When determining how to sell a product in the marketplace, there are a number of supply chain options from which to choose, each with its own set of legal implications. However, the primary consideration in determining how to sell a product should be what makes the most sense from a business perspective (for example, if the product requires technical assistance, a large inventory or warranty and other repair work, having these responsibilities outsourced to a distributor may be the most practical solution).
Here is a high-level summary of the available ways to sell product:
Employment Relationship:
Overview. Supplier employs salespeople to sell the product directly to the ultimate customer. The costs and risks associated with this structure are higher, as more resources are needed to implement it. The margin generally is the highest because there is no intermediary.
Compensation. The employee is paid a salary (which may be commission-based).
Credit Risk. Supplier bears the credit risk as to the ultimate customer.
Control. Supplier retains the relationship with the ultimate customer and has complete control of the sales activities, including pricing.
Termination. Termination follows local labor laws. In most states in the United States, the employee may be terminated at will.
Sales Agency Agreement:
Overview. Supplier contracts with an independent contractor, who solicits orders from the ultimate customer. Supplier is able to accept or reject the orders.
Compensation. Supplier pays a commission to the sales representative, which is often a percentage of the invoice value of the accepted orders that the sales representative solicited.
Credit Risk. Supplier bears the credit risk as to the ultimate customer. (If it is unclear if the relationship is one of a distributorship or a sales representative, this factor will likely be determinative.)
Control. Supplier retains nearly-complete control of the sales activities, including pricing. However, the sales representative may have the relationship with the ultimate customer.
Termination. A few jurisdictions have statutory protections against terminating sales representatives, but, in large part, termination is unrestricted by law, provided that the sales representative is paid timely for any outstanding commissions.
Distributor:
Overview. Supplier contracts with a distributor, who purchases the product from the Supplier for re-sale in the contractually-prescribed territory. Many states have statutes requiring that the Supplier compensate a distributor for warranty work done by the distributor at statutorily-prescribed rates.
Compensation. Distributor resells the product at a markup, with such profit being the only compensation.
Credit Risk. Distributor bears the credit risk as to the ultimate customer.
Control. Supplier’s control of the sales activities (including pricing) is limited by antitrust and other principles. Further, the distributor maintains the relationship with the ultimate customer.

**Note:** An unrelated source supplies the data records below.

(* Let $S_\psi\subset\mathbb{R}^3$ be the surface of revolution parametrized by $(r,\theta)\mapsto(\psi(r)\cos\theta,\psi(r)\sin\theta,\chi(r))$, $(r,\theta)\in[r_1,r_2]\times[0,2\pi)$, and let $\Omega=\{(\psi(r)\cos\theta,\psi(r)\sin\theta,\chi(r)) : r\in[0,a],\ \theta\in(0,2\pi]\}$ with $r_1\le0<a\le r_2$. Let $f\in C^1(\mathbb{R})$, $\alpha\in\mathbb{R}$, and let $v=v(r)$ be a radial stationary solution of $$\Delta v+f(v)=0\text{ in }\Omega,\qquad\frac{\partial v}{\partial\nu}+\alpha v=0\text{ on }\partial\Omega.$$ If $$-\Big(\frac{\psi'}{\psi}\Big)'=-\frac{\psi''}{\psi}+\Big(\frac{\psi'}{\psi}\Big)^2\geq0\quad\text{in }(0,a)$$ and $$L_a\big[H_a\alpha^2v(a)^2+\alpha v(a)f(v(a))+\alpha^3v(a)^2\big]+L_0\big[H_0\alpha^2v(0)^2+\alpha v(0)f(v(0))+\alpha^3v(0)^2\big]<0,$$ where $L_0=2\pi\psi(0)$, $L_a=2\pi\psi(a)$, $H_a=-\frac{\psi'(a)}{\psi(a)}$, $H_0=\frac{\psi'(0)}{\psi(0)}$, then $v$ is unstable.
   Context: Here $r\mapsto(\psi(r),\chi(r))$ is a simple regular plane curve, $\psi\in C^2$, $\psi>0$ on $[r_1,r_2]$, $(\psi')^2+(\chi')^2=1$, and $\chi'(0)>0$, $\chi'(a)>0$. $S_\psi$ carries the metric $dr^2+\psi(r)^2d\theta^2$, with Laplace–Beltrami operator $\Delta u=u_{rr}+\frac{\psi'}{\psi}u_r+\frac1{\psi^2}u_{\theta\theta}$; $\partial\Omega$ consists of the circles $r=0$ and $r=a$ with outer unit normal $\nu=-\partial_r$ on $r=0$ and $\nu=\partial_r$ on $r=a$. A solution is unstable if the smallest eigenvalue $\lambda_1$ of $\Delta\phi+f'(v)\phi+\lambda\phi=0$ in $\Omega$, $\partial_\nu\phi+\alpha\phi=0$ on $\partial\Omega$ is negative. *)

From Stdlib Require Import Reals Lra.
From Coquelicot Require Import Coquelicot.
Open Scope R_scope.

(* Functions on the parameter strip are u : R -> R -> R, u r theta,
   with coordinates (r, theta); periodicity 2*PI in theta encodes the
   angular variable of the surface of revolution. *)

Definition d_r (u : R -> R -> R) (r th : R) : R := Derive (fun s => u s th) r.
Definition d_th (u : R -> R -> R) (r th : R) : R := Derive (fun t => u r t) th.

Definition C2_strip (a : R) (u : R -> R -> R) : Prop :=
  (forall r th,
     ex_derive (fun s => u s th) r /\ ex_derive (fun t => u r t) th /\
     ex_derive (fun s => d_r u s th) r /\ ex_derive (fun t => d_r u r t) th /\
     ex_derive (fun s => d_th u s th) r /\ ex_derive (fun t => d_th u r t) th) /\
  (forall r th, 0 <= r <= a ->
     continuous (fun p : R * R => u (fst p) (snd p)) (r, th) /\
     continuous (fun p : R * R => d_r u (fst p) (snd p)) (r, th) /\
     continuous (fun p : R * R => d_th u (fst p) (snd p)) (r, th) /\
     continuous (fun p : R * R => d_r (d_r u) (fst p) (snd p)) (r, th) /\
     continuous (fun p : R * R => d_th (d_r u) (fst p) (snd p)) (r, th) /\
     continuous (fun p : R * R => d_r (d_th u) (fst p) (snd p)) (r, th) /\
     continuous (fun p : R * R => d_th (d_th u) (fst p) (snd p)) (r, th)).

(* Laplace-Beltrami operator of the metric dr^2 + psi(r)^2 dtheta^2 *)
Definition LB (psi : R -> R) (u : R -> R -> R) (r th : R) : R :=
  d_r (d_r u) r th + Derive psi r / psi r * d_r u r th
  + / (psi r ^ 2) * d_th (d_th u) r th.

(* lam is an eigenvalue of  Delta phi + q(r) phi + lam phi = 0 in Omega,
   d_nu phi + alpha phi = 0 on dOmega (nu = -d_r at r=0, nu = d_r at r=a),
   with a classical (C^2 up to the boundary), nonzero eigenfunction. *)
Definition is_eigenvalue (psi : R -> R) (a alpha : R) (q : R -> R) (lam : R) : Prop :=
  exists phi : R -> R -> R,
    C2_strip a phi /\
    (forall r th, phi r (th + 2 * PI) = phi r th) /\
    (exists r th, 0 <= r <= a /\ phi r th <> 0) /\
    (forall r th, 0 < r < a ->
       LB psi phi r th + q r * phi r th + lam * phi r th = 0) /\
    (forall th, - d_r phi 0 th + alpha * phi 0 th = 0) /\
    (forall th, d_r phi a th + alpha * phi a th = 0).

Definition lambda1 (psi : R -> R) (a alpha : R) (q : R -> R) : Rbar :=
  Glb_Rbar (is_eigenvalue psi a alpha q).

(* v is unstable: the smallest eigenvalue of the linearized problem
   Delta phi + f'(v) phi + lam phi = 0 with the Robin condition is negative *)
Definition unstable (psi : R -> R) (a alpha : R) (f v : R -> R) : Prop :=
  Rbar_lt (lambda1 psi a alpha (fun r => Derive f (v r))) (Finite 0).

(* For each lam, shoot the radial problem y'' + (psi'/psi) y' + (f'(v) + lam) y = 0 from
   y(0) = 1, y'(0) = alpha, which satisfies the Robin condition at r = 0.  For very negative
   lam the solution stays positive and the Robin defect y'(a) + alpha y(a) is positive.
   Differentiating the equation of v shows that v' solves the linearized equation up to a
   term controlled by the sign of -(psi'/psi)'; a Picone identity comparing v' with y then
   shows that, as long as y > 0 on [0, a], the defect at some negative lam0 has the sign of
   the boundary quantity of the hypothesis, hence is negative.  At the first lam where
   "y > 0 and positive defect" fails, y is still positive, so the defect vanishes: y is a
   radial eigenfunction with negative eigenvalue. *)

From Stdlib Require Import Reals Lra Lia Classical FunctionalExtensionality IndefiniteDescription.
From Coquelicot Require Import Coquelicot.
Open Scope R_scope.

Termination. The termination or non-renewal of a distributor is often restricted by statute (particularly in certain industries, like motor vehicles, industrial or construction equipment, and agricultural equipment), and may require the buy-back of inventory or may prohibit any termination without good cause.
Franchisee:
Overview. Supplier (called the franchisor) contracts with a franchisee, who (i) may purchase product from Supplier for re-sale in the contractually-prescribed territory and/or (ii) operates a local business that, to the outside world, is indistinguishable from Supplier’s locations. This model is a hybrid between a distributorship and a license arrangement, and it involves additional statutorily-prescribed factors (which usually include the payment of a franchise fee by the franchisee to the Supplier and a heavy reliance by the franchisee on the trademarks of Supplier). This model requires franchise disclosures akin to securities offering circulars, and state-by-state registration.
Compensation. Franchisee resells the product at a markup, with such profit generally being the only compensation.

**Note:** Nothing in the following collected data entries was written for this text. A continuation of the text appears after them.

(* Let $\mathrm{SDiv}^+_d(\mathbb G)$ be the closed subscheme of $\mathrm{Div}^+_d(\mathbb G)$ consisting of divisors $D$ with $\lambda^dD=[0]$. Then $\mathcal O_{\mathrm{SDiv}^+_d(\mathbb G)}=\mathcal O_X[[c_2,\dots,c_d]]$, i.e. the restrictions of $c_2,\dots,c_d$ induce an isomorphism $\mathcal O_X[[c_2,\dots,c_d]]\cong\mathcal O_{\mathrm{SDiv}^+_d(\mathbb G)}$.
   Context: $\mathbb G$ is an ordinary formal group over $X=\mathrm{spf}(\mathcal O_X)$ with coordinate $x$, so $\mathcal O_{\mathbb G}=\mathcal O_X[[x]]$, and $x(a+b)=F(x(a),x(b))$ for a formal group law $F$. $\mathrm{Div}^+_d(\mathbb G)=\mathbb G^d/\Sigma_d=\mathrm{spf}(\mathcal O_X[[c_1,\dots,c_d]])$, where $c_k$ is the $k$-th elementary symmetric function in $x_1,\dots,x_d$; the point $\sum_i[a_i]$ has $c_k=\sigma_k(x(a_1),\dots,x(a_d))$. The map $\lambda^d\colon\mathrm{Div}^+_d(\mathbb G)\to\mathrm{Div}^+_1(\mathbb G)=\mathbb G$ sends $\sum_{i=1}^d[a_i]$ to $[a_1+\dots+a_d]$. *)

From mathcomp Require Import all_boot all_algebra.
Unset Printing Implicit Defensive.
Import GRing.Theory.
Local Open Scope ring_scope.

Definition mono (n : nat) := {ffun 'I_n -> nat}.
Definition tdeg {n} (m : mono n) : nat := (\sum_(i < n) m i)%N.

Definition ps (R : Type) (n : nat) := mono n -> R.

Definition ps0 {R : comNzRingType} n : ps R n := fun _ => 0.
Definition ps1 {R : comNzRingType} n : ps R n :=
  fun m => if m == [ffun=> 0%N] then 1 else 0.
Definition psadd {R : comNzRingType} {n} (f g : ps R n) : ps R n := fun m => f m + g m.

Definition pssub {R : comNzRingType} {n} (f g : ps R n) : ps R n := fun m => f m - g m.

Definition bmono {n N} (a : {ffun 'I_n -> 'I_N.+1}) : mono n := [ffun i => nat_of_ord (a i)].

Definition psmul {R : comNzRingType} {n} (f g : ps R n) : ps R n := fun m =>
  \sum_(a : {ffun 'I_n -> 'I_(tdeg m).+1} | [forall i, (a i <= m i)%N])
     f (bmono a) * g [ffun i => (m i - a i)%N].

Definition psexp {R : comNzRingType} {n} (f : ps R n) (k : nat) : ps R n :=
  iter k (psmul f) (ps1 n).

(* the i-th coordinate variable (0-based); zero series if i >= n *)
Definition psvar {R : comNzRingType} n (i : nat) : ps R n := fun m =>
  if (i < n)%N && [forall j : 'I_n, m j == nat_of_bool ((j : nat) == i)] then 1 else 0.

(* substitution f(g_0, ..., g_{n-1}); meaningful when the g_i have zero
   constant term (then all terms beyond total degree tdeg m vanish) *)
Definition pscomp {R : comNzRingType} {n k} (f : ps R n) (g : 'I_n -> ps R k) : ps R k :=
  fun m => \sum_(a : {ffun 'I_n -> 'I_(tdeg m).+1})
     f (bmono a) * (\big[@psmul R k/ps1 k]_(i < n) psexp (g i) (a i)) m.

Definition pair2 {R : comNzRingType} {k} (a b : ps R k) : 'I_2 -> ps R k :=
  fun i => if i == ord0 then a else b.

Definition is_fgl {R : comNzRingType} (F : ps R 2) : Prop :=
  [/\ pscomp F (pair2 (psvar 1 0) (ps0 1)) = psvar 1 0,
      pscomp F (pair2 (ps0 1) (psvar 1 0)) = psvar 1 0,
      pscomp F (pair2 (psvar 2 1) (psvar 2 0)) = F &
      pscomp F (pair2 (pscomp F (pair2 (psvar 3 0) (psvar 3 1))) (psvar 3 2))
      = pscomp F (pair2 (psvar 3 0) (pscomp F (pair2 (psvar 3 1) (psvar 3 2))))].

Credit Risk. Franchisee bears the credit risk as to the ultimate customer.
Control. Supplier’s control of the sales activities (including pricing) is limited by antitrust and other principles. The franchisee maintains the relationship with the ultimate customer, although, as a practical matter, the goodwill generated accrues primarily to the supplier. Supplier must also exercise quality control over the franchisee’s operations.
Termination. The termination or non-renewal of a franchise is heavily regulated, making termination difficult in the absence of good cause.
Licensee:
Overview. Supplier (called the licensor) contracts with a licensor, who licenses Supplier’s intellectual property and technology to manufacture and sell the product.
Compensation. Licensee receives the revenue generated from the sales of the licensed product, while Supplier receives a royalty, typically based on the revenue generated from the sales of licensed products.
Credit Risk. The licensee bears the credit risk to the ultimate customer.
Control. Supplier typically has very little control over the sales activities and maintains no relationship with the ultimate customer.
Termination. Unless the licensing relationship also satisfies the elements of a franchise, then issues surrounding term/termination are purely a matter of contract.
Some of the legal relationships described above are more difficult to leave than a marriage. Given this, a supply chain that is carefully and thoughtfully designed on the front-end can save a supplier a great deal of headache (and legal fees) on the back-end.